An isolator for a safe set instance is a set [math]\displaystyle{ I\subseteq U }[/math] that intersects all the target sets but not the safe set. An [math]\displaystyle{ (n,m) }[/math]-universal isolating family [math]\displaystyle{ \mathcal{F} }[/math] is a collection of subsets of [math]\displaystyle{ U }[/math] such that [math]\displaystyle{ \mathcal{F} }[/math] contains an isolator for any [math]\displaystyle{ (n,m) }[/math]-safe set instance. Show that there exists a [math]\displaystyle{ (n,m) }[/math]-universal isolating family [math]\displaystyle{ \mathcal{F} }[/math] such that [math]\displaystyle{ |\mathcal{F}| }[/math] is polynomially bounded in [math]\displaystyle{ n }[/math] and [math]\displaystyle{ m }[/math].

Problem 5

(Due to J. Naor.)

The Chernoff bound is an exponentially decreasing bound on tail distributions.
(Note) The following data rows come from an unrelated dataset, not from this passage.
Definition scheme_alpha (k : 'I_(size L)) := spvec_mx (nth t0 L k).1.1.
Definition scheme_beta (k : 'I_(size L)) := spvec_mx (nth t0 L k).1.2.
Definition scheme_gamma (k : 'I_(size L)) := spvec_mx (nth t0 L k).2.

Lemma scheme_brent_equations : check_scheme n L ->
  brent_equations scheme_alpha scheme_beta scheme_gamma.
Proof.
move=> ok i0 i j0 j1 l1 l.
have := check_scheme_sound ok
  (flat_index_lt i0 j0) (flat_index_lt j1 l1) (flat_index_lt i l).
rewrite /scheme_coef (big_nth t0) big_mkord /mxmul_coef.
rewrite !flat_index_div !flat_index_mod => coef_eq.
under eq_bigr do rewrite !mxE -!intrM.
by rewrite -rmorph_sum coef_eq !rmorphM !rmorph_nat.
Qed.

End SchemeAlgorithm.

Lemma check_scheme_mxmul_rank_le (K : fieldType) n L :
  check_scheme n L -> mxmul_rank_le K n n n (size L).
Proof.
move=> ok.
exists (@scheme_alpha K n L), (@scheme_beta K n L), (@scheme_gamma K n L).
exact/brent_bilinear_algorithm/scheme_brent_equations.
Qed.

Section Scheme777.
Local Open Scope int_scope.
Record triang (k : fieldType) (C : kcat k) := Triang {
  sh : functor C C;
  shi : functor C C;
  sh_eta : forall X, mor X (fob shi (fob sh X));
  sh_eta_iso : forall X, is_iso (sh_eta X);
  sh_eta_nat : natural (fun X Y f => f) (fun X Y f => fmap shi (fmap sh f)) sh_eta;
  sh_eps : forall X, mor (fob sh (fob shi X)) X;
  sh_eps_iso : forall X, is_iso (sh_eps X);
  sh_eps_nat : natural (fun X Y f => fmap sh (fmap shi f)) (fun X Y f => f) sh_eps;
  zero_ex : exists Z : ob C, is_zero Z;
  biprod_ex : forall X Y : ob C, exists P, is_biprod X Y P;
  dist : forall X Y Z : ob C, mor X Y -> mor Y Z -> mor Z (fob sh X) -> Prop;
  TR1_iso : forall X Y Z X' Y' Z' (f : mor X Y) (g : mor Y Z) (h : mor Z (fob sh X))
      (f' : mor X' Y') (g' : mor Y' Z') (h' : mor Z' (fob sh X'))
      (a : mor X X') (b : mor Y Y') (c : mor Z Z'),
      is_iso a -> is_iso b -> is_iso c ->
      mcomp b f = mcomp f' a -> mcomp c g = mcomp g' b ->
      mcomp (fmap sh a) h = mcomp h' c ->
      dist f g h -> dist f' g' h';
  TR1_id : forall X Z, is_zero Z -> dist (idm X) (0 : mor X Z) (0 : mor Z (fob sh X));
  TR1_cone : forall X Y (f : mor X Y),
      exists Z (g : mor Y Z) (h : mor Z (fob sh X)), dist f g h;
  TR2 : forall X Y Z (f : mor X Y) (g : mor Y Z) (h : mor Z (fob sh X)),
      dist f g h <-> dist g h (- fmap sh f);
  TR3 : forall X Y Z X' Y' Z' (f : mor X Y) (g : mor Y Z) (h : mor Z (fob sh X))
      (f' : mor X' Y') (g' : mor Y' Z') (h' : mor Z' (fob sh X'))
      (a : mor X X') (b : mor Y Y'),
      dist f g h -> dist f' g' h' -> mcomp b f = mcomp f' a ->
      exists c : mor Z Z', mcomp c g = mcomp g' b /\ mcomp (fmap sh a) h = mcomp h' c;
  TR4 : forall X Y Z Z' X' Y' (f : mor X Y) (g : mor Y Z)
      (u1 : mor Y Z') (d1 : mor Z' (fob sh X))
      (u2 : mor Z X') (d2 : mor X' (fob sh Y))
      (u3 : mor Z Y') (d3 : mor Y' (fob sh X)),
      dist f u1 d1 -> dist g u2 d2 -> dist (mcomp g f) u3 d3 ->
      exists (a : mor Z' Y') (b : mor Y' X'),
        [/\ dist a b (mcomp (fmap sh u1) d2),
            mcomp a u1 = mcomp u3 g, mcomp d3 a = d1,
            mcomp b u3 = u2 & mcomp d2 b = mcomp (fmap sh f) d3]
}.
Arguments sh {k C} _.
Arguments shi {k C} _.
Arguments dist {k C} _ {X Y Z} _ _ _.

Record exfunctor (k : fieldType) (C D : kcat k) (TC : triang C) (TD : triang D) :=
  ExFunctor {
  ef :> functor C D;
  ephi : forall X, mor (fob ef (fob (sh TC) X)) (fob (sh TD) (fob ef X));
  ephi_iso : forall X, is_iso (ephi X);
  ephi_nat : natural (fun X Y f => fmap ef (fmap (sh TC) f))
                     (fun X Y f => fmap (sh TD) (fmap ef f)) ephi;
  ef_dist : forall X Y Z (f : mor X Y) (g : mor Y Z) (h : mor Z (fob (sh TC) X)),
      dist TC f g h -> dist TD (fmap ef f) (fmap ef g) (mcomp (ephi X) (fmap ef h))
}.

Record adjunction (k : fieldType) (C D : kcat k) (L : functor D C) (G : functor C D) :=
  Adjunction {
  adj_unit : forall Y : ob D, mor Y (fob G (fob L Y));
  adj_counit : forall X : ob C, mor (fob L (fob G X)) X;
  adj_unit_nat : natural (fun X Y f => f) (fun X Y f => fmap G (fmap L f)) adj_unit;
  adj_counit_nat : natural (fun X Y f => fmap L (fmap G f)) (fun X Y f => f) adj_counit;
  adj_tri1 : forall Y, mcomp (adj_counit (fob L Y)) (fmap L (adj_unit Y)) = idm (fob L Y);
  adj_tri2 : forall X, mcomp (fmap G (adj_counit X)) (adj_unit (fob G X)) = idm (fob G X)
}.
Arguments adj_unit {k C D L G} _ Y.

Definition fully_faithful (k : fieldType) (C D : kcat k) (F : functor C D) :=
  forall X Y : ob C, bijective (@fmap _ _ _ F X Y).

(* Hom^*(X,Y) = 0 : Hom(X, Y[i]) = 0 for all integers i *)
Definition homs_vanish (k : fieldType) (C : kcat k) (T : triang C) (X Y : ob C) :=
  forall n : nat,
    (forall f : mor X (iter n (fob (sh T)) Y), f = 0) /\
    (forall f : mor X (iter n (fob (shi T)) Y), f = 0).

Definition ess_image (k : fieldType) (C D : kcat k) (F : functor C D) (B : ob D) :=
  exists (A : ob C) (f : mor (fob F A) B), is_iso f.

(* D = < Xs, Ys > semiorthogonal decomposition of the full subcategory D *)
Definition sod (k : fieldType) (C : kcat k) (T : triang C) (D Xs Ys : ob C -> Prop) :=
  [/\ (forall B, Xs B -> D B),
      (forall B, Ys B -> D B),
      (forall X Y, Xs X -> Ys Y -> homs_vanish T Y X) &
      (forall B, D B -> exists (BY BX : ob C) (u : mor BY B) (v : mor B BX)
                               (w : mor BX (fob (sh T) BY)),
                   [/\ Ys BY, Xs BX & dist T u v w])].

(* The decomposition of B in B_FA is the dual-twist triangle T'B -> B -> FLB
   itself.  As F is fully faithful, the counit LF => id is invertible, so L
   maps eta_L to an isomorphism and the exact functor L kills T'B; thus T'B
   lies in ker L, and in ker Hom^*(A, R(-)) precisely when B lies in B_FA.
   Conversely eta_L is invertible on im F, so T' vanishes there, while
   T'B -> B is invertible when LB = 0; this gives both inclusions into B_FA.
   Semiorthogonality is the adjunction Hom^*(Y, FA') = Hom^*(LY, A'), and the
   two descriptions of the second component agree by the adjunction
   Hom^*(FA, -) = Hom^*(A, R(-)). *)

From mathcomp Require Import all_boot all_algebra.
Set Implicit Arguments. Unset Strict Implicit. Unset Printing Implicit Defensive.
Import GRing.Theory.
Local Open Scope ring_scope.

Section KLinear.
Variables (k : fieldType) (C : kcat k).

Lemma mcomp0l (X Y Z : ob C) (f : mor X Y) : mcomp (0 : mor Y Z) f = 0.
Proof.
have := comp_linl (-1) (0 : mor Y Z) 0 f.
by rewrite scaleN1r oppr0 addr0 scaleN1r addNr.
Qed.

Lemma mcomp0r (X Y Z : ob C) (g : mor Y Z) : mcomp g (0 : mor X Y) = 0.
Proof.
have := comp_linr (-1) g (0 : mor X Y) 0.
by rewrite scaleN1r oppr0 addr0 scaleN1r addNr.
Qed.

Lemma mcompNl (X Y Z : ob C) (g : mor Y Z) (f : mor X Y) :
  mcomp (- g) f = - mcomp g f.
Proof. by have := comp_linl (-1) g 0 f; rewrite !scaleN1r !addr0 mcomp0l addr0. Qed.

Lemma mcompNr (X Y Z : ob C) (g : mor Y Z) (f : mor X Y) :
  mcomp g (- f) = - mcomp g f.
Proof. by have := comp_linr (-1) g f 0; rewrite !scaleN1r !addr0 mcomp0r addr0. Qed.

Lemma is_zeroP (Z : ob C) : is_zero Z <-> idm Z = 0.
Proof.
split=> [/(_ Z) [idZ0 _]|id0 X]; first exact: idZ0.
split=> f.
  by rewrite -[f]comp_idr id0 mcomp0r.
by rewrite -[f]comp_idl id0 mcomp0l.
Qed.

Lemma iso_id (X : ob C) : is_iso (idm X).
Proof. by exists (idm X); rewrite comp_idl. Qed.

Lemma iso_comp (X Y Z : ob C) (g : mor Y Z) (f : mor X Y) :
  is_iso g -> is_iso f -> is_iso (mcomp g f).
Proof.
move=> [g' [g'g gg']] [f' [f'f ff']]; exists (mcomp f' g'); split.
  by rewrite comp_assoc -(comp_assoc f') g'g comp_idr.
by rewrite comp_assoc -(comp_assoc g) ff' comp_idr.
Qed.

Lemma iso_inv (X Y : ob C) (f : mor X Y) :
  is_iso f -> exists2 g : mor Y X, is_iso g & mcomp f g = idm Y.
Proof. by move=> [g [gf fg]]; exists g => //; exists f. Qed.

Lemma iso_of_comp_id (X Y : ob C) (a : mor X Y) (b : mor Y X) :
  is_iso a -> mcomp a b = idm Y -> is_iso b.
Proof.
move=> [a' [a'a aa']] ab; suff -> : b = a' by exists a.
by rewrite -[b]comp_idl -a'a -comp_assoc ab comp_idr.
Qed.

Definition isomorphic (X Y : ob C) := exists f : mor X Y, is_iso f.

Lemma isomorphic_sym (X Y : ob C) : isomorphic X Y -> isomorphic Y X.
Proof. by move=> [f /iso_inv [g iso_g _]]; exists g. Qed.

Definition hom_vanish (X W : ob C) := forall f : mor X W, f = 0.

Lemma hom_vanish_iso (X W W' : ob C) :
  isomorphic W W' -> hom_vanish X W' -> hom_vanish X W.
Proof.
move=> [i [i' [i'i _]]] vanW' f.
by rewrite -[f]comp_idl -i'i -comp_assoc (vanW' (mcomp i f)) mcomp0r.
Qed.

Lemma hom_vanish_zero (X W : ob C) : is_zero W -> hom_vanish X W.
Proof. by move=> /(_ X) []. Qed.

Lemma hom_vanish_zeroL (X W : ob C) : is_zero X -> hom_vanish X W.
Proof. by move=> /(_ W) []. Qed.

End KLinear.

Section Functor.
Variables (k : fieldType) (C D : kcat k) (G : functor C D).

Lemma fmap0 (X Y : ob C) : fmap G (0 : mor X Y) = 0.
Proof.
have := fmap_lin G (-1) (0 : mor X Y) 0.
by rewrite scaleN1r oppr0 addr0 scaleN1r addNr.
Qed.

Lemma fmapN (X Y : ob C) (f : mor X Y) : fmap G (- f) = - fmap G f.
Proof. by have := fmap_lin G (-1) f 0; rewrite !scaleN1r !addr0 fmap0 addr0. Qed.

Lemma fmap_iso (X Y : ob C) (f : mor X Y) : is_iso f -> is_iso (fmap G f).
Proof.
by move=> [g [gf fg]]; exists (fmap G g); rewrite -!fmap_comp gf fg !fmap_id.
Qed.

Lemma is_zero_fob (Z : ob C) : is_zero Z -> is_zero (fob G Z).
Proof. by move=> /is_zeroP id0; apply/is_zeroP; rewrite -fmap_id id0 fmap0. Qed.

End Functor.

Section Iterate.
Variables (k : fieldType) (C : kcat k) (G : functor C C).

Lemma isomorphic_iter n (X Y : ob C) :
  isomorphic X Y -> isomorphic (iter n (fob G) X) (iter n (fob G) Y).
Proof.
move=> isoXY; elim: n => [|n [g iso_g]] //=.
by exists (fmap G g); apply: fmap_iso.
Qed.

Lemma is_zero_iter n (Z : ob C) : is_zero Z -> is_zero (iter n (fob G) Z).
Proof. by move=> Z0; elim: n => //= n; apply: is_zero_fob. Qed.

End Iterate.

Section Triangulated.
Variables (k : fieldType) (C : kcat k) (T : triang C).
Local Notation S := (sh T).
Local Notation Si := (shi T).

Lemma homs_vanish_iso (X W W' : ob C) :
  isomorphic W W' -> homs_vanish T X W' -> homs_vanish T X W.
Proof.
move=> isoWW' vanW' n; have [van_sh van_shi] := vanW' n.
by split; apply: hom_vanish_iso (isomorphic_iter _ _ isoWW') _.
Qed.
Let [math]\displaystyle{ X_1,\dots,X_n }[/math] be independent random variables and [math]\displaystyle{ \mathbf{E}[X_i]=0 }[/math] for all [math]\displaystyle{ 1\le i\le n }[/math]. Define [math]\displaystyle{ X=X_1+X_2+\dots+X_n }[/math]. We can use the following two kinds of tail inequalities for [math]\displaystyle{ X }[/math].

  • Chernoff Bounds:
[math]\displaystyle{ \Pr[|X|\ge\delta]\le\min_{t\ge 0}\frac{\mathbf{E}[e^{t|X|}]}{e^{t\delta}} }[/math].
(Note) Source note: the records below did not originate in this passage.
(* Let $m$ be an odd positive integer, $k\ge0$ an integer and $N=k+\frac{m-1}{2}$. Then for real $x_0$ and $r>0$ the following identities hold: \[\text{(i)}\quad \sum_{n=0}^{N}\binom{N}{n}(-2)^{-n}D_r(n)[\cos(2x_0r)]=\exp\left(-x_0^2\right)\sum_{n=0}^\infty\frac{2^{2n}n!\,x_0^{2n}}{(2n)!}L_n^{\left(k+\frac m2-1\right)}\left(r^2\right),\] \[\text{(ii)}\quad \sum_{n=0}^{N}\binom{N}{n}(-2)^{-n}D^r(n)[\sin(2x_0r)]=\exp\left(-x_0^2\right)\sum_{n=0}^\infty\frac{2^{2n+1}n!\,x_0^{2n+1}}{(2n+1)!}\,r\,L_n^{\left(k+\frac m2\right)}\left(r^2\right),\] where $L_n^{(a)}$ denote the generalized Laguerre polynomials.
   Context: The operators act in the variable $r>0$ (with $x_0$ a parameter): $D_r(n)[f]=(r^{-1}\partial_r)^nf$ and $D^r(n)[f]=(\partial_r\circ r^{-1})^nf$ (i.e. $n$-fold application of $f\mapsto\partial_r(f/r)$), with $D_r(0)=D^r(0)=\mathrm{id}$. *)

From Stdlib Require Import Reals Arith Factorial Binomial.
From Coquelicot Require Import Coquelicot.
Open Scope R_scope.

Fixpoint D_r (n : nat) (f : R -> R) : R -> R :=
  match n with
  | O => f
  | S n' => fun r => / r * Derive (D_r n' f) r
  end.

Fixpoint D_up_r (n : nat) (f : R -> R) : R -> R :=
  match n with
  | O => f
  | S n' => fun r => Derive (fun s => D_up_r n' f s / s) r
  end.

Fixpoint binomR (s : R) (k : nat) : R :=
  match k with
  | O => 1
  | S k' => binomR s k' * (s - INR k') / INR (S k')
  end.

Definition laguerre (n : nat) (a x : R) : R :=
  sum_f_R0 (fun j => (-1) ^ j * binomR (INR n + a) (n - j) * x ^ j / INR (fact j)) n.

(* Put y = x0^2 and u = s^2. Then cos (2 x0 s) = F (u) and sin (2 x0 s) = 2 x0 s F (u),
   where F (u) = 0F1(; b; - y u) with b = 1/2, resp. b = 3/2.  On functions of s^2
   (times s for D^r) both operators r^-1 d/dr and d/dr o r^-1 act as 2 d/du, so the
   left-hand sides are sum_n C(N,n) (-1)^n F^(n)(u).  Multiplying by e^y and expanding as a
   Cauchy product in y, the coefficient of y^p is a double sum that collapses, by the
   Chu-Vandermonde identity, to L_p^(N-1+b)(u) / (b)_p.  Finally
   (2p)! = 4^p p! (1/2)_p and (2p+1)! = 4^p p! (3/2)_p turn this into the stated series. *)

From Stdlib Require Import Reals Lia Lra Factorial Binomial.
From Coquelicot Require Import Coquelicot.
Open Scope R_scope.

(** * Pochhammer symbols *)

Fixpoint pochhammer (c : R) (n : nat) : R :=
  match n with
  | O => 1
  | S n' => pochhammer c n' * (c + INR n')
  end.

Lemma pochhammer_gt0 c n : 0 < c -> 0 < pochhammer c n.
Proof.
  intros Hc; induction n as [|n IH]; simpl; [lra|].
  apply Rmult_lt_0_compat; [exact IH|]. pose proof (pos_INR n); lra.
Qed.

Lemma pochhammer_ge_pow c n : 0 < c -> c ^ n <= pochhammer c n.
Proof.
  intros Hc; induction n as [|n IH]; simpl; [lra|].
  rewrite Rmult_comm. pose proof (pos_INR n).
  apply Rmult_le_compat; try lra. now apply pow_le; lra.
Qed.

Lemma pochhammer_add c m n :
  pochhammer c (m + n) = pochhammer c m * pochhammer (c + INR m) n.
Proof.
  induction n as [|n IH]; simpl; [now rewrite Nat.add_0_r, Rmult_1_r|].
  rewrite Nat.add_succ_r; simpl. rewrite IH, plus_INR. ring.
Qed.

Lemma fact_double n :
  INR (fact (2 * n)) = 4 ^ n * INR (fact n) * pochhammer (1/2) n.
Proof.
  induction n as [|n IH]; [simpl; ring|].
  replace (2 * S n)%nat with (S (S (2 * n))) by lia.
  rewrite !fact_simpl, !mult_INR, IH. simpl pochhammer. simpl pow.
  rewrite !S_INR, mult_INR. simpl INR. field.
Qed.
(* Let $\succcurlyeq$ be a preference relation on the set $\mathcal{B}$ of bets over a propositional language $\mathcal{L}$. The following are equivalent: (1) $\succcurlyeq$ satisfies Non-Triviality, Objective Expected Utility and Inclusion/Exclusion; (2) $\succcurlyeq$ is represented by a subjective model of uncertainty $(\Omega,t,\lambda)$ with $\lambda$ additive and $t$ exact and $\land$-distributive; (3) $\succcurlyeq$ is represented by a subjective model of uncertainty $(\Omega',t',\lambda')$ with $\lambda'$ totally monotone and $t'$ sound.
   Context: Let $\mathbb{P}$ be a set of propositional variables containing distinguished $\mathbf{T}$, $\mathbf{F}$, and $\mathcal{L}$ the language generated by $\neg,\land,\lor$; $\phi\implies\psi$ means $\psi$ is deducible from $\phi$ in classical propositional logic, $\phi\iff\psi$ means mutual deducibility. A bet is a finitely supported $b:\mathcal{L}\to[0,1]$ summing to $1$; $b_\phi$ is the point-mass bet on $\phi$; the set $\mathcal{B}$ of bets is a mixture space under pointwise mixtures, and $\{\alpha_1 b_{\phi_1},\dots\}$ denotes the bet with weight $\alpha_i$ on $\phi_i$. A truth valuation on $\Omega$ is $t:\mathcal{L}\to2^\Omega$ with $t(\mathbf{T})=\Omega,t(\mathbf{F})=\emptyset$; exact: $\phi\iff\psi\Rightarrow t(\phi)=t(\psi)$; monotone: $\phi\implies\psi\Rightarrow t(\phi)\subseteq t(\psi)$; symmetric: $t(\neg\phi)=\Omega\setminus t(\phi)$; $\land$-distributive: $t(\phi\land\psi)=t(\phi)\cap t(\psi)$; sound: all four. A likelihood appraisal on a field $\Sigma\subseteq2^\Omega$ is $\lambda:\Sigma\to[0,1]$ with $\lambda(\emptyset)=0,\lambda(\Omega)=1$; additive if finitely additive; totally monotone if for all $A_1,\dots,A_n\in\Sigma$, $\lambda(\bigcup_i A_i)\ge\sum_{\emptyset\ne I\subseteq\{1,\dots,n\}}(-1)^{|I|+1}\lambda(\bigcap_{i\in I}A_i)$. A subjective model $(\Omega,t,\lambda)$ ($\lambda$ on a field containing $t(\mathcal{L})$) represents $\succcurlyeq$ if $b\succcurlyeq b'\iff\sum_\phi b(\phi)\lambda(t(\phi))\ge\sum_\phi b'(\phi)\lambda(t(\phi))$. Non-Triviality: $b_{\mathbf{T}}\succcurlyeq b_\phi\succcurlyeq b_{\mathbf{F}}$ for all $\phi$ and $b_{\mathbf{T}}\succ b_{\mathbf{F}}$. Objective Expected Utility: $\succcurlyeq$ is complete, transitive, Archimedean and satisfies Independence. Inclusion/Exclusion: for any $\phi_1,\dots,\phi_n$ and $\psi$ with $\phi_i\implies\psi$ for all $i$, with $E,O$ the collections of nonempty subsets of $\{1,\dots,n\}$ of even and odd cardinality, $\phi_I=\bigwedge_{i\in I}\phi_i$, $m=\max\{|E|+1,|O|\}$: $\{\tfrac1m b_\psi,\ \tfrac1m b_{\phi_I}\ (I\in E),\ (1-\tfrac{|E|+1}{m})b_{\mathbf{F}}\}\succcurlyeq\{\tfrac1m b_{\phi_I}\ (I\in O),\ (1-\tfrac{|O|}{m})b_{\mathbf{F}}\}$. *)

From Stdlib Require Import Bool Reals Lra List Arith ClassicalEpsilon.
Import ListNotations.
Open Scope R_scope.

Inductive form (P : Type) : Type :=
| Var : P -> form P
| Neg : form P -> form P
| And : form P -> form P -> form P
| Or  : form P -> form P -> form P.
Arguments Var {P} _.
Arguments Neg {P} _.
Arguments And {P} _ _.
Arguments Or  {P} _ _.

Fixpoint feval {P : Type} (v : P -> bool) (f : form P) : bool :=
  match f with
  | Var p => v p
  | Neg g => negb (feval v g)
  | And g h => feval v g && feval v h
  | Or g h => feval v g || feval v h
  end.

(* phi ==> psi : psi is deducible from phi in classical propositional logic,
   where the distinguished variables T and F are the constants true / false.
   By soundness and completeness this is the semantic consequence relation. *)
Definition deduces {P : Type} (PT PF : P) (phi psi : form P) : Prop :=
  forall v : P -> bool, v PT = true -> v PF = false ->
    feval v phi = true -> feval v psi = true.

Definition equiv {P : Type} (PT PF : P) (phi psi : form P) : Prop :=
  deduces PT PF phi psi /\ deduces PT PF psi phi.

Definition sum_list (l : list R) : R := fold_right Rplus 0 l.

Fixpoint subsets (l : list nat) : list (list nat) :=
  match l with
  | [] => [[]]
  | x :: l' => subsets l' ++ map (cons x) (subsets l')
  end.

Definition nonempty_subsets (n : nat) : list (list nat) :=
  filter (fun I => Nat.ltb 0 (length I)) (subsets (seq 0 n)).
Definition even_subsets (n : nat) : list (list nat) :=
  filter (fun I => andb (Nat.ltb 0 (length I)) (Nat.even (length I))) (subsets (seq 0 n)).
Definition odd_subsets (n : nat) : list (list nat) :=
  filter (fun I => Nat.odd (length I)) (subsets (seq 0 n)).

(* phi_I = /\_{i in I} phi_i  (I nonempty; the empty case is never used). *)
Fixpoint bigand {P : Type} (PT : P) (phi : nat -> form P) (I : list nat) : form P :=
  match I with
  | [] => Var PT
  | [i] => phi i
  | i :: I' => And (phi i) (bigand PT phi I')
  end.

Definition fsupp {P : Type} (b : form P -> R) (s : list (form P)) : Prop :=
  NoDup s /\ forall phi, b phi <> 0 -> In phi s.

Definition is_bet {P : Type} (b : form P -> R) : Prop :=
  (forall phi, 0 <= b phi <= 1) /\
  exists s, fsupp b s /\ sum_list (map b s) = 1.

Definition pm {P : Type} (phi : form P) : form P -> R :=
  fun psi => if excluded_middle_informative (psi = phi) then 1 else 0.

Definition mix {P : Type} (a : R) (b b' : form P -> R) : form P -> R :=
  fun phi => a * b phi + (1 - a) * b' phi.

Definition wbet {P : Type} (l : list (R * form P)) : form P -> R :=
  fun psi => sum_list (map (fun p => fst p * pm (snd p) psi) l).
  • [math]\displaystyle{ k }[/math]th-Moment Bound:
[math]\displaystyle{ \Pr[|X|\ge\delta]\le\frac{\mathbf{E}[|X|^k]}{\delta^k} }[/math].
  1. Show that for each [math]\displaystyle{ \delta }[/math], there exists a choice of [math]\displaystyle{ k }[/math] such that the [math]\displaystyle{ k }[/math]th-moment bound is stronger than the Chernoff bound. (Hint: You may use the probabilistic method.)
  2. Why would we still prefer the Chernoff bound to the seemingly stronger [math]\displaystyle{ k }[/math]th-moment bound?